— Что, неужели Алек Рассел будет вести семинар в летней школе? — недоверчиво спросила пораженная Роза. — Зачем ему это нужно?

Артур — настоящий фонтан сплетен о мире искусства, сел на своего конька.

— Ты скорее всего не помнишь этого, Роза, ведь ты тогда была совсем маленькой… — и он пустился в детальное и восторженное резюме относительно истоков карьеры Алека Рассела.

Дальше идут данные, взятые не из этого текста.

Lemma card_colex_below_cons_notin (c : bool) :
  #|[set F in below | (xo \notin F) && ((ord0 \in F) == c)]| = 'C(x.-1, p.+1 - c).
Proof.
rewrite -card_draws_ord0 ?x_gt0 ?(leqW xN) //.
apply: eq_card => F; rewrite !inE.
suff rearrange : [&& #|F| == p.+1, colex_rank 0 F < 'C(x, p.+1) + R & xo \notin F] =
                 (F \subset [set y : 'I_N.+1 | y < x]) && (#|F| == p.+1).
  by move: rearrange; rewrite !andbA => ->.
apply/idP/idP.
  case/and3P=> /eqP cardF rankF xoF; rewrite cardF eqxx andbT.
  have Fbelow : F \in below by rewrite inE cardF eqxx.
  apply/subsetP => y Fy; rewrite inE -xoE ltn_neqAle (below_max Fbelow Fy) andbT.
  by apply: contraNneq xoF => /val_inj <-.
case/andP=> /subsetP Fx /eqP cardF; rewrite cardF eqxx /=.
have F_lt : {in F, forall y : 'I_N.+1, 0 <= y < x} by move=> y /Fx; rewrite inE.
apply/andP; split.
  by apply: leq_trans (colex_rank_lt_bin F_lt isT) _; rewrite cardF addn0 leq_addr.
by apply/negP => /Fx; rewrite inE xoE ltnn.
Qed.

Lemma card_colex_below_cons_in (c : bool) :
  #|[set F in below | (xo \in F) && ((ord0 \in F) == c)]| =
  #|[set G in colex_below N.+1 p R | (ord0 \in G) == c]|.
Proof.
set Y := [set G in colex_below N.+1 p R | _].
have xo_notin G : G \in Y -> xo \notin G.
  by rewrite inE => /andP[/below_lt G_lt _]; apply/negP => /G_lt; rewrite ltnn.
have inj : {in Y &, injective (fun G => xo |: G)}.
  by move=> G1 G2 /xo_notin G1xo /xo_notin G2xo E; rewrite -(setU1K G1xo) -(setU1K G2xo) E.
have ord0_xo : (ord0 == xo) = false.
  by apply/negbTE; rewrite -val_eqE /= xoE eq_sym -lt0n.
rewrite -(card_in_imset inj); apply: eq_card => F; rewrite inE.
apply/andP/imsetP => [[Fbelow /andP[Fxo F0]] | [G YG ->{F}]].
  have cardF : #|F| = #|F :\ xo|.+1 by rewrite (cardsD1 xo F) Fxo.
  exists (F :\ xo); last by rewrite setD1K.
  move: (Fbelow); rewrite !inE (colex_rank_max 0 Fxo (below_max Fbelow)) cardF addn0 xoE.
  by rewrite eqSS ord0_xo F0 andbT => /andP[/eqP cardG]; rewrite cardG ltn_add2l eqxx.
have Gxo := xo_notin G YG.
move: YG; rewrite inE => /andP[Gbelow G0].
have G_lt := below_lt Gbelow.
have max_xo : {in xo |: G, forall y : 'I_N.+1, y <= xo}.
  by move=> y; rewrite in_setU1 => /predU1P[-> // | /G_lt /ltnW].
split; last by rewrite !inE eqxx ord0_xo G0.
move: Gbelow; rewrite !inE.
rewrite (colex_rank_max 0 (setU11 xo G) max_xo) setU1K // cardsU1 Gxo add1n addn0 xoE.
by case/andP=> /eqP-> rankG; rewrite eqxx ltn_add2l.
Qed.
End ColexBelowCons.

Lemma card_colex_below_ord0 p s (c : bool) : macaulay_seq p s -> {in s, forall x, x <= N} ->
  #|[set F in colex_below N.+1 p (binom_sum p s) | (ord0 \in F) == c]| =
  \sum_(k < size s) 'C((nth 0 s k).-1, p - k - c).
Proof.
elim: s p => [|x s IHs] p M_s s_le.
  rewrite big_ord0; apply/eqP; rewrite cards_eq0; apply/eqP/setP => F.
  by rewrite !inE binom_sum_nil ltn0 andbF.
case: p M_s => [|p] M_s; first by case: M_s.
have x_gt0 := macaulay_seq_gt0 M_s (mem_head x s).
have xN := s_le x (mem_head x s).
have Rx := binom_sum_lt_head M_s.
rewrite big_ord_recl /= subn0 binom_sum_cons.
rewrite -(cardsID [set F : {set 'I_N.+1} | inord x \in F]) addnC; congr (_ + _).
  rewrite -(card_colex_below_cons_notin x_gt0 xN Rx); apply: eq_card => F; rewrite !inE.
  by rewrite andbCA.
rewrite (eq_bigr (fun k : 'I_(size s) => 'C((nth 0 s k).-1, p - k - c))); last first.
  by move=> k _; rewrite /bump leq0n add1n subSS.
rewrite -(IHs p (macaulay_seq_behead M_s)); last by move=> y s_y; apply: s_le; rewrite inE s_y orbT.
rewrite -(card_colex_below_cons_in x_gt0 xN Rx); apply: eq_card => F; rewrite !inE.
by rewrite -andbA (andbC ((ord0 \in F) == c)).
Qed.

End CardColexBelow.

Lemma card_colex_below_notin0 N p s : macaulay_seq p s -> {in s, forall x, x <= N} ->
  #|[set F in colex_below N.+1 p (binom_sum p s) | ord0 \notin F]| = gpart p s.
Proof.
move=> M_s s_le; rewrite /gpart.
transitivity (\sum_(k < size s) 'C((nth 0 s k).-1, p - k - false)).
  by rewrite -(card_colex_below_ord0 false M_s s_le); apply: eq_card => F; rewrite !inE eqbF_neg.
by apply: eq_bigr => k _; rewrite subn0.
Qed.

Lemma card_colex_below_in0 N p s : macaulay_seq p s -> {in s, forall x, x <= N} ->
  #|[set F in colex_below N.+1 p (binom_sum p s) | ord0 \in F]| = hpart p s.
Proof.
move=> M_s s_le; rewrite /hpart.
transitivity (\sum_(k < size s) 'C((nth 0 s k).-1, p - k - true)).
  by rewrite -(card_colex_below_ord0 true M_s s_le); apply: eq_card => F; rewrite !inE eqb_id.
by apply: eq_bigr => k _; rewrite subn1.
Qed.

Lemma card_colex_below N p s : macaulay_seq p s -> {in s, forall x, x <= N} ->
  #|colex_below N.+1 p (binom_sum p s)| = binom_sum p s.
Proof.
move=> M_s s_le; rewrite -(cardsID [set F : {set 'I_N.+1} | ord0 \in F]).
have -> : colex_below N.+1 p (binom_sum p s) :&: [set F : {set 'I_N.+1} | ord0 \in F] =
          [set F in colex_below N.+1 p (binom_sum p s) | ord0 \in F].
  by apply/setP => F; rewrite !inE.
have -> : colex_below N.+1 p (binom_sum p s) :\: [set F : {set 'I_N.+1} | ord0 \in F] =
          [set F in colex_below N.+1 p (binom_sum p s) | ord0 \notin F].
  by apply/setP => F; rewrite !inE andbC.
rewrite card_colex_below_in0 // card_colex_below_notin0 // /hpart /gpart -big_split.
apply: eq_bigr => k _; have k_lt : k < size s := ltn_ord k.
have s_k : 0 < nth 0 s k by apply: (macaulay_seq_gt0 M_s); rewrite mem_nth.
have pk : 0 < p - k by case: M_s => _ size_s _; lia.
by case: (nth 0 s k) s_k => // y _; case: (p - k) pk => // q _; rewrite binS addnC.
Qed.

Lemma sublevel_subset (T : finType) (P : pred T) (r1 r2 : T -> nat) (b1 b2 : nat) :
  {in P &, forall x y, r1 x < r1 y -> r2 x < r2 y} ->
  #|[set x | P x & r1 x < b1]| <= #|[set x | P x & r2 x < b2]| ->
  [set x | P x & r1 x < b1] \subset [set x | P x & r2 x < b2].
Proof.
move=> mono card_le; apply/subsetP => x; rewrite !inE => /andP[Px r1x].
rewrite Px /= ltnNge; apply/negP => r2x.
suff : [set x | P x & r2 x < b2] \proper [set x | P x & r1 x < b1].
  by move/proper_card; rewrite ltnNge card_le.
rewrite properE; apply/andP; split.
  apply/subsetP => y; rewrite !inE => /andP[Py r2y]; rewrite Py /= ltnNge; apply/negP => r1y.
  by have := mono x y Px Py (leq_trans r1x r1y); lia.
by apply/subsetPn; exists x; rewrite !inE Px //= -leqNgt.
Qed.

Lemma subset_closed_setD1 (T : finType) (D : {set {set T}}) :
  (forall (F : {set T}) x, F \in D -> x \in F -> F :\ x \in D) ->
  forall F G : {set T}, F \in D -> G \subset F -> G \in D.
Proof.
move=> D_D1 F G; move: {2}#|F :\: G| (erefl #|F :\: G|) => k.
elim: k F => [|k IHk] F cardFG FD GF.
  suff -> : G = F by [].
  by apply/eqP; rewrite eqEsubset GF /= -setD_eq0 -cards_eq0 cardFG.
have [x] : exists x, x \in F :\: G by apply/set0Pn; rewrite -card_gt0 cardFG.
rewrite inE => /andP[xG xF]; apply: (IHk (F :\ x)); last 2 first.
- exact: D_D1.
- apply/subsetP => y Gy; rewrite !inE (subsetP GF _ Gy) andbT.
  by apply: contraNneq xG => <-.
have : #|(F :\: G) :\ x| = k by move: cardFG; rewrite (cardsD1 x) !inE xG xF => -[].
by rewrite setDDl setUC -setDDl.
Qed.

Lemma card_colex_below_shift N k m :
  #|[set U : {set 'I_N.+1} | (ord0 \notin U) && (#|U| == k) & colex_rank 1 U < m]| =
  #|[set F in colex_below N.+1 k.+1 m | ord0 \in F]|.
Proof.
set I := [set U : {set 'I_N.+1} | _ & _].
have inj : {in I &, injective (fun U => ord0 |: U)}.
  move=> U1 U2; rewrite !inE => /andP[/andP[U1_0 _] _] /andP[/andP[U2_0 _] _] E.
  by rewrite -(setU1K U1_0) -(setU1K U2_0) E.
rewrite -(card_in_imset inj); apply: eq_card => F; rewrite !inE.
apply/imsetP/idP => [[U] | /andP[/andP[cardF rankF] F0]].
  rewrite !inE => /andP[/andP[U0 /eqP cardU] rankU] ->.
  by rewrite cardsU1 U0 cardU add1n eqxx colex_rank_setU0 // rankU setU11.
have F0' : ord0 \notin F :\ ord0 by rewrite setD11.
exists (F :\ ord0); last by rewrite setD1K.
rewrite inE -(colex_rank_setU0 F0') setD1K // rankF andbT F0' /=.
by move: cardF; rewrite (cardsD1 ord0 F) F0.
Qed.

— Алек Рассел, по его словам, в шестидесятых был своего рода enfant terrible[1], действительным членом бурлящей лондонской жизни, наследником огромного фамильного состояния, упорно копившегося его отцом и дедом, которые подняли свое дело из жалких истоков до обширной и многопрофильной промышленной империи. Брак отца Рассела с великосветской красавицей рухнул, когда Алек учился в школе. Связь Лавинии Рассел с известным американским кинопродюссером вызвала серию скандалов по обе стороны Атлантики. Возможно, крушение домашнего очага еще больше усилило невероятно дикое поведение Рассела в юные годы. Исключенный из школы, он выпал таким образом из карьеры коммерсанта и банкира, к которой предназначал его отчаявшийся разгневанный отец, но уже и до этого его буйные кутежи с женщинами сделали его любимцем Флит-стрит[2]. В возрасте двадцати одного года он унаследовал первую часть состояния его деда, чему не мог воспрепятствовать отец, и покинул Англию ради богемной жизни и изучения живописи в Париже. Преуспев в последнем и добившись высших академических наград, он заявил о себе с самого начала, как о многообещающем молодом художнике с широким творческим диапазоном и оригинальным видением мира. Его репутация в Европе всегда была выше, чем в Англии, и за последние лет десять он все больше избегал родной страны, отказывал в интервью и других публичных выступлениях, создавая таинственный и неясный имидж эксцентричного, смелого и до крайности нетерпимого художника- новатора.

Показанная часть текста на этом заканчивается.